Lemma chord_mul_partial_le x w N :
  chord (x * sum_f_R0 (term w) N) <= sum_f_R0 (fun j => chord (x * th j)) N.
Proof.
  assert (Hterm : forall j, chord (x * term w j) <= chord (x * th j)).
  { intros j; unfold term; destruct (w j); [lra|].
    rewrite Rmult_0_r, chord0; apply chord_ge0. }
  induction N as [|N IH]; [apply Hterm|].
  rewrite !tech5, Rmult_plus_distr_l; eapply Rle_trans; [apply chordD|].
  pose proof (Hterm (S N)); lra.
Qed.

Lemma partial_chord_cv N : Un_cv (fun k => sum_f_R0 (fun j => chord (INR (n k) * th j)) N) 0.
Proof.
  induction N as [|N IH]; [apply chord_n_th_cv|].
  rewrite <- (Rplus_0_r 0); apply (CV_plus _ _ _ _ IH (chord_n_th_cv (S N))).
Qed.

Lemma tends_to_one_theta w : tends_to_one n (expi (theta w)).
Proof.
  intros e He.
  destruct (tail_small (e / 2)) as [N HN]; [lra|].
  destruct (partial_chord_cv N (e / 2)) as [k0 Hk0]; [lra|].
  exists k0; intros k Hk; specialize (Hk0 k Hk); unfold Rdist in *.
  rewrite Rminus_0_r in *; rewrite Cnorm_sub_pow_expi, Rabs_right by (apply Rle_ge, chord_ge0).
  apply Rabs_def2 in Hk0; set (x := INR (n k)) in *.
  replace (x * theta w) with (x * theta (truncate w N) + x * (theta w - theta (truncate w N))) by ring.
  eapply Rle_lt_trans; [apply chordD|].
  assert (chord (x * (theta w - theta (truncate w N))) <= tail N).
  { apply chord_mul_theta_sub_le; [intros j; apply chord_n_th_le|].
    intros j Hj; unfold truncate; rewrite (proj2 (Nat.leb_le j N)), andb_true_r by lia; reflexivity. }
  rewrite theta_truncate in *; pose proof (chord_mul_partial_le x w N); lra.
Qed.
Lemma lcp_min l m n : (Nat.min (lcp l m) (lcp m n) <= lcp l n)%nat.
Proof.
  revert m n; induction l as [|x l IH]; intros m n; simpl; [lia|].
  destruct m as [|y m]; [simpl; lia|]. destruct n as [|z n]; simpl.
  - destruct (A_eq_dec x y); lia.
  - destruct (A_eq_dec x y) as [<-|]; [|lia].
    destruct (A_eq_dec x z); [|lia]. specialize (IH m n). lia.
Qed.

Lemma lcp_reduced_cons x l m : reduced (x :: l) = true -> lcp l (x :: m) = 0%nat.
Proof.
  intros [Hhd _]%reduced_cons. destruct l as [|y l]; [reflexivity|]. simpl.
  destruct (A_eq_dec y x) as [->|]; [easy | reflexivity].
Qed.

(* The Cayley graph is a tree: the geodesic from [l] to [m] goes through their
   longest common prefix. *)
Lemma length_wmul_rev l m : reduced l = true -> reduced m = true ->
  (length (wmul (rev l) m) + 2 * lcp l m = length l + length m)%nat.
Proof.
  revert m; induction l as [|x l IH]; intros m Hl Hm; [simpl; lia|].
  simpl rev. rewrite wmul_app. simpl.
  pose proof (reduced_tail _ _ Hl) as Hl'.
  destruct m as [|y m]; simpl.
  - specialize (IH [x] Hl' eq_refl). rewrite lcp_reduced_cons in IH by exact Hl.
    simpl in *. lia.
  - destruct (A_eq_dec x y) as [<-|Hxy].
    + specialize (IH m Hl' (reduced_tail _ _ Hm)). lia.
    + assert (Hxm : reduced (x :: y :: m) = true)
        by (apply reduced_cons; split; [simpl; congruence | exact Hm]).
      specialize (IH _ Hl' Hxm). rewrite lcp_reduced_cons in IH by exact Hl.
      simpl in *. lia.
Qed.

Fixpoint alt (a b : A) (n : nat) : list A :=
  match n with O => [] | S k => a :: b :: alt a b k end.

Lemma length_alt a b n : length (alt a b n) = (2 * n)%nat.
Proof. induction n; simpl; lia. Qed.

Lemma reduced_alt_app a b n l : a <> b -> hd_error l <> Some b -> reduced l = true ->
  reduced (alt a b n ++ l) = true.
Proof.
  intros Hab Hhd Hl. induction n as [|n IH]; [exact Hl|]. cbn [alt app].
  apply reduced_cons. split; [simpl; congruence|].
  apply reduced_cons. split; [|exact IH].
  destruct n; simpl; [exact Hhd | congruence].
Qed.

Lemma reduced_alt a b n : a <> b -> reduced (alt a b n) = true.
Proof. intros Hab. rewrite <- (app_nil_r (alt a b n)). now apply reduced_alt_app. Qed.

Definition coxeter_word := {l : list A | reduced l = true}.

Lemma coxeter_word_eq (u v : coxeter_word) : proj1_sig u = proj1_sig v -> u = v.
Proof.
  destruct u as [u Hu], v as [v Hv]; simpl; intros <-.
  f_equal. apply UIP_dec, bool_dec.
Qed.

Definition cmul (u v : coxeter_word) : coxeter_word :=
  exist _ (wmul (proj1_sig u) (proj1_sig v)) (reduced_wmul _ _ (proj2_sig v)).
Definition cone : coxeter_word := exist _ [] eq_refl.
(* Letters are involutions, so the inverse of a word is its reversal. *)
Definition cinv (u : coxeter_word) : coxeter_word :=
  exist _ (wmul (rev (proj1_sig u)) []) (reduced_wmul _ [] eq_refl).

Lemma cmulA u v w : cmul u (cmul v w) = cmul (cmul u v) w.
Proof. apply coxeter_word_eq; simpl. symmetry. apply wmulA, proj2_sig. Qed.
Lemma cmul1l u : cmul cone u = u.
Proof. now apply coxeter_word_eq. Qed.
Lemma cmul1r u : cmul u cone = u.
Proof. apply coxeter_word_eq, wmul_nil_r, proj2_sig. Qed.
Lemma cmulVl u : cmul (cinv u) u = cone.
Proof.
  destruct u as [u Hu]. apply coxeter_word_eq; simpl.
  rewrite wmulA by exact Hu. transitivity (wmul (rev u) (wmul u [])).
  - now rewrite wmul_nil_r.
  - now apply wmul_rev_l.
Qed.
Lemma cmulVr u : cmul u (cinv u) = cone.
Proof. apply coxeter_word_eq. now apply wmul_rev_r. Qed.

Definition coxeter_grp : Grp :=
  {| car := coxeter_word; gmul := cmul; gone := cone; ginv := cinv;
     gmulA := cmulA; gmul1l := cmul1l; gmul1r := cmul1r;
     gmulVl := cmulVl; gmulVr := cmulVr |}.

Lemma length_cinv u : length (proj1_sig (cinv u)) = length (proj1_sig u).
Proof.
  destruct u as [l Hl]. pose proof (length_wmul_rev l [] Hl eq_refl) as Hlen.
  destruct l; simpl in *; lia.
Qed.

Lemma cinv_mul_word u v : proj1_sig (cmul (cinv u) v) = wmul (rev (proj1_sig u)) (proj1_sig v).
Proof. apply wmulA, proj2_sig. Qed.

Definition cletter (x : A) : coxeter_grp := exist _ [x] eq_refl.

Lemma fold_right_cletter l :
  proj1_sig (fold_right (@gmul coxeter_grp) gone (map cletter l)) = wmul l [].
Proof.
  induction l as [|x l IH]; [reflexivity|]. exact (f_equal (wcons x) IH).
Qed.

Lemma proj1_npow_cletter_mul a b n : a <> b ->
  proj1_sig (npow coxeter_grp (cmul (cletter a) (cletter b)) n) = alt a b n.
Proof.
  intros Hab. induction n as [|n IH]; [reflexivity|]. simpl. rewrite IH.
  destruct (A_eq_dec b b); [|easy]. destruct (A_eq_dec a b); [easy|].
  apply (wmul_reduced_app [a; b]), (reduced_alt a b (S n) Hab).
Qed.

Lemma npow_cletter_mul_noncommuting a b c i j : a <> b -> a <> c -> b <> c ->
  (1 <= i)%nat -> (1 <= j)%nat ->
  let u := npow coxeter_grp (cmul (cletter a) (cletter b)) i in
  let v := npow coxeter_grp (cmul (cletter a) (cletter c)) j in
  cmul u v <> cmul v u.
Proof.
  intros Hab Hac Hbc Hi Hj u v E. apply (f_equal (@proj1_sig _ _)) in E. simpl in E.
  unfold u, v in E. rewrite !proj1_npow_cletter_mul in E by assumption.
  rewrite !wmul_reduced_app in E.
  1: destruct i, j; [lia.. | simpl in E; congruence].
  all: apply reduced_alt_app; auto using reduced_alt; destruct i, j; simpl; congruence.
Qed.

End UniversalCoxeter.

Inductive z3 := r0 | r1 | r2.

Definition z3_succ (k : z3) : z3 := match k with r0 => r1 | r1 => r2 | r2 => r0 end.
Definition z3_add (k m : z3) : z3 :=
  match k with r0 => m | r1 => z3_succ m | r2 => z3_succ (z3_succ m) end.
Definition z3_opp (k : z3) : z3 := match k with r0 => r0 | r1 => r2 | r2 => r1 end.

(* The dihedral group of order 6: (k, s) stands for rho^k tau^s, where
   tau rho tau = rho^-1. *)
Definition d3_mul (u v : z3 * bool) : z3 * bool :=
  (z3_add (fst u) (if snd u then z3_opp (fst v) else fst v), xorb (snd u) (snd v)).
Definition d3_inv (u : z3 * bool) : z3 * bool :=
  (if snd u then fst u else z3_opp (fst u), snd u).

Lemma d3_mulA u v w : d3_mul u (d3_mul v w) = d3_mul (d3_mul u v) w.
Proof. destruct u as [[] []], v as [[] []], w as [[] []]; reflexivity. Qed.
Lemma d3_mul1l u : d3_mul (r0, false) u = u.
Proof. destruct u as [[] []]; reflexivity. Qed.
Lemma d3_mul1r u : d3_mul u (r0, false) = u.
Proof. destruct u as [[] []]; reflexivity. Qed.
Lemma d3_mulVl u : d3_mul (d3_inv u) u = (r0, false).
Proof. destruct u as [[] []]; reflexivity. Qed.
Lemma d3_mulVr u : d3_mul u (d3_inv u) = (r0, false).
Proof. destruct u as [[] []]; reflexivity. Qed.

Definition D3 : Grp :=
  {| car := z3 * bool; gmul := d3_mul; gone := (r0, false); ginv := d3_inv;
     gmulA := d3_mulA; gmul1l := d3_mul1l; gmul1r := d3_mul1r;
     gmulVl := d3_mulVl; gmulVr := d3_mulVr |}.

Definition d3_x : D3 := (r0, true).
Definition d3_y : D3 := (r1, true).

Definition d3_word (u : D3) : list D3 :=
  match u with
  | (r0, false) => []
  | (r0, true) => [d3_x]
  | (r1, true) => [d3_y]
  | (r1, false) => [d3_y; d3_x]
  | (r2, false) => [d3_x; d3_y]
  | (r2, true) => [d3_x; d3_y; d3_x]
  end.

Definition d3_len (u : D3) : nat := length (d3_word u).

Lemma fold_right_d3_word u : fold_right gmul gone (d3_word u) = u.
Proof. destruct u as [[] []]; reflexivity. Qed.

Lemma d3_len_step s u : In s [d3_x; d3_y] -> (d3_len (gmul s u) <= S (d3_len u))%nat.
Proof.
  intros [<- | [<- | []]]; destruct u as [[] []]; cbv; lia.
Qed.

Lemma d3_len_le u : (d3_len u <= 3)%nat.
Proof. destruct u as [[] []]; cbv; lia. Qed.

Inductive letter := La | Lb | Lc.

Definition letter_eq_dec (x y : letter) : {x = y} + {x <> y}.
Proof. decide equality. Defined.

Definition W3 : Grp := coxeter_grp letter_eq_dec.
Notation W3xD3 := (prod_grp W3 D3).

Definition gen_letter (x : letter) : W3xD3 := (cletter letter_eq_dec x, gone).
Definition gen_d3 (u : D3) : W3xD3 := (gone, u).
Definition gens : list W3xD3 :=
  [gen_letter La; gen_letter Lb; gen_letter Lc; gen_d3 d3_x; gen_d3 d3_y].

Definition word (g : W3xD3) : list letter := proj1_sig (fst g).
Definition glen (g : W3xD3) : nat := (length (word g) + d3_len (snd g))%nat.

Lemma glen_step s g : In s gens -> (glen (gmul s g) <= S (glen g))%nat.
Proof.
  unfold glen, word. rewrite prod_gmulE. cbn [fst snd].
  intros [<- | [<- | [<- | [<- | [<- | []]]]]]; cbn [gen_letter gen_d3 fst snd]; rewrite gmul1l.
  1-3: apply (Nat.add_le_mono_r _ (S _)), length_wcons.
  all: rewrite <- Nat.add_succ_r; apply Nat.add_le_mono_l, d3_len_step; simpl; auto.
Qed.

Lemma reps_glen g : reps W3xD3 gens (glen g) g.
Proof.
  destruct g as [[h Hh] u].
  exists (map gen_letter h ++ map gen_d3 (d3_word u)). split; [|split].
  - now rewrite length_app, !length_map.
  - apply Forall_app. split; apply Forall_forall; intros s Hs;
      apply in_map_iff in Hs; destruct Hs as [x [<- Hx]].
    + destruct x; simpl; tauto.
    + destruct u as [[] []]; simpl in Hx; intuition (subst; simpl; tauto).
  - change (map gen_letter h) with (map (fun x => (cletter letter_eq_dec x, gone : D3)) h).
    change (map gen_d3 (d3_word u)) with (map (fun d : D3 => (gone : W3, d)) (d3_word u)).
    rewrite fold_right_gmul_app, fold_right_prod_inl, fold_right_prod_inr.
    rewrite fold_right_d3_word, prod_gmulE. cbn [fst snd]. rewrite gmul1l, gmul1r. f_equal.
    apply coxeter_word_eq. rewrite fold_right_cletter. now apply wmul_nil_r.
Qed.

Lemma wl_glen g : wl W3xD3 gens g = glen g.
Proof. apply wl_eq_len; [reflexivity | exact glen_step | exact reps_glen]. Qed.

Lemma gens_inv s : In s gens -> ginv s = s.
Proof.
  intros [<- | [<- | [<- | [<- | [<- | []]]]]];
    apply injective_projections; try apply coxeter_word_eq; reflexivity.
Qed.

Lemma gens_generate : gen_set W3xD3 gens.
Proof.
  set (key g := (word g, snd g)).
  split; [|split; [|split]].
  - apply (NoDup_map_inv key). repeat constructor; simpl; intuition discriminate.
  - intros H. apply (in_map key) in H. simpl in H. intuition discriminate.
  - intros s Hs. now rewrite gens_inv.
  - intros g. destruct (reps_glen g) as [l [_ Hl]]. now exists l.
Qed.

Definition based_lcp (w x z : W3xD3) : nat :=
  lcp letter_eq_dec (word (gmul (ginv w) x)) (word (gmul (ginv w) z)).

+ + + +

◆ WORK REQUEST ◆
Your task is to retype the entries verbatim, starting with the line that holds "all: apply reduced_alt_app;" and stopping after the line that holds "Definition letter_eq_dec (x".

◆ FINAL ANSWER ◆
  all: apply reduced_alt_app; auto using reduced_alt; destruct i, j; simpl; congruence.
Qed.

End UniversalCoxeter.

Inductive z3 := r0 | r1 | r2.

Definition z3_succ (k : z3) : z3 := match k with r0 => r1 | r1 => r2 | r2 => r0 end.
Definition z3_add (k m : z3) : z3 :=
  match k with r0 => m | r1 => z3_succ m | r2 => z3_succ (z3_succ m) end.
Definition z3_opp (k : z3) : z3 := match k with r0 => r0 | r1 => r2 | r2 => r1 end.

(* The dihedral group of order 6: (k, s) stands for rho^k tau^s, where
   tau rho tau = rho^-1. *)
Definition d3_mul (u v : z3 * bool) : z3 * bool :=
  (z3_add (fst u) (if snd u then z3_opp (fst v) else fst v), xorb (snd u) (snd v)).
Definition d3_inv (u : z3 * bool) : z3 * bool :=
  (if snd u then fst u else z3_opp (fst u), snd u).

Lemma d3_mulA u v w : d3_mul u (d3_mul v w) = d3_mul (d3_mul u v) w.
Proof. destruct u as [[] []], v as [[] []], w as [[] []]; reflexivity. Qed.
Lemma d3_mul1l u : d3_mul (r0, false) u = u.
Proof. destruct u as [[] []]; reflexivity. Qed.
Lemma d3_mul1r u : d3_mul u (r0, false) = u.
Proof. destruct u as [[] []]; reflexivity. Qed.
Lemma d3_mulVl u : d3_mul (d3_inv u) u = (r0, false).
Proof. destruct u as [[] []]; reflexivity. Qed.
Lemma d3_mulVr u : d3_mul u (d3_inv u) = (r0, false).
Proof. destruct u as [[] []]; reflexivity. Qed.

Definition D3 : Grp :=
  {| car := z3 * bool; gmul := d3_mul; gone := (r0, false); ginv := d3_inv;
     gmulA := d3_mulA; gmul1l := d3_mul1l; gmul1r := d3_mul1r;
     gmulVl := d3_mulVl; gmulVr := d3_mulVr |}.

Definition d3_x : D3 := (r0, true).
Definition d3_y : D3 := (r1, true).

Definition d3_word (u : D3) : list D3 :=
  match u with
  | (r0, false) => []
  | (r0, true) => [d3_x]
  | (r1, true) => [d3_y]
  | (r1, false) => [d3_y; d3_x]
  | (r2, false) => [d3_x; d3_y]
  | (r2, true) => [d3_x; d3_y; d3_x]
  end.

Definition d3_len (u : D3) : nat := length (d3_word u).

Lemma fold_right_d3_word u : fold_right gmul gone (d3_word u) = u.
Proof. destruct u as [[] []]; reflexivity. Qed.

Lemma d3_len_step s u : In s [d3_x; d3_y] -> (d3_len (gmul s u) <= S (d3_len u))%nat.
Proof.
  intros [<- | [<- | []]]; destruct u as [[] []]; cbv; lia.
Qed.

Lemma d3_len_le u : (d3_len u <= 3)%nat.
Proof. destruct u as [[] []]; cbv; lia. Qed.

Inductive letter := La | Lb | Lc.

Definition letter_eq_dec (x y : letter) : {x = y} + {x <> y}.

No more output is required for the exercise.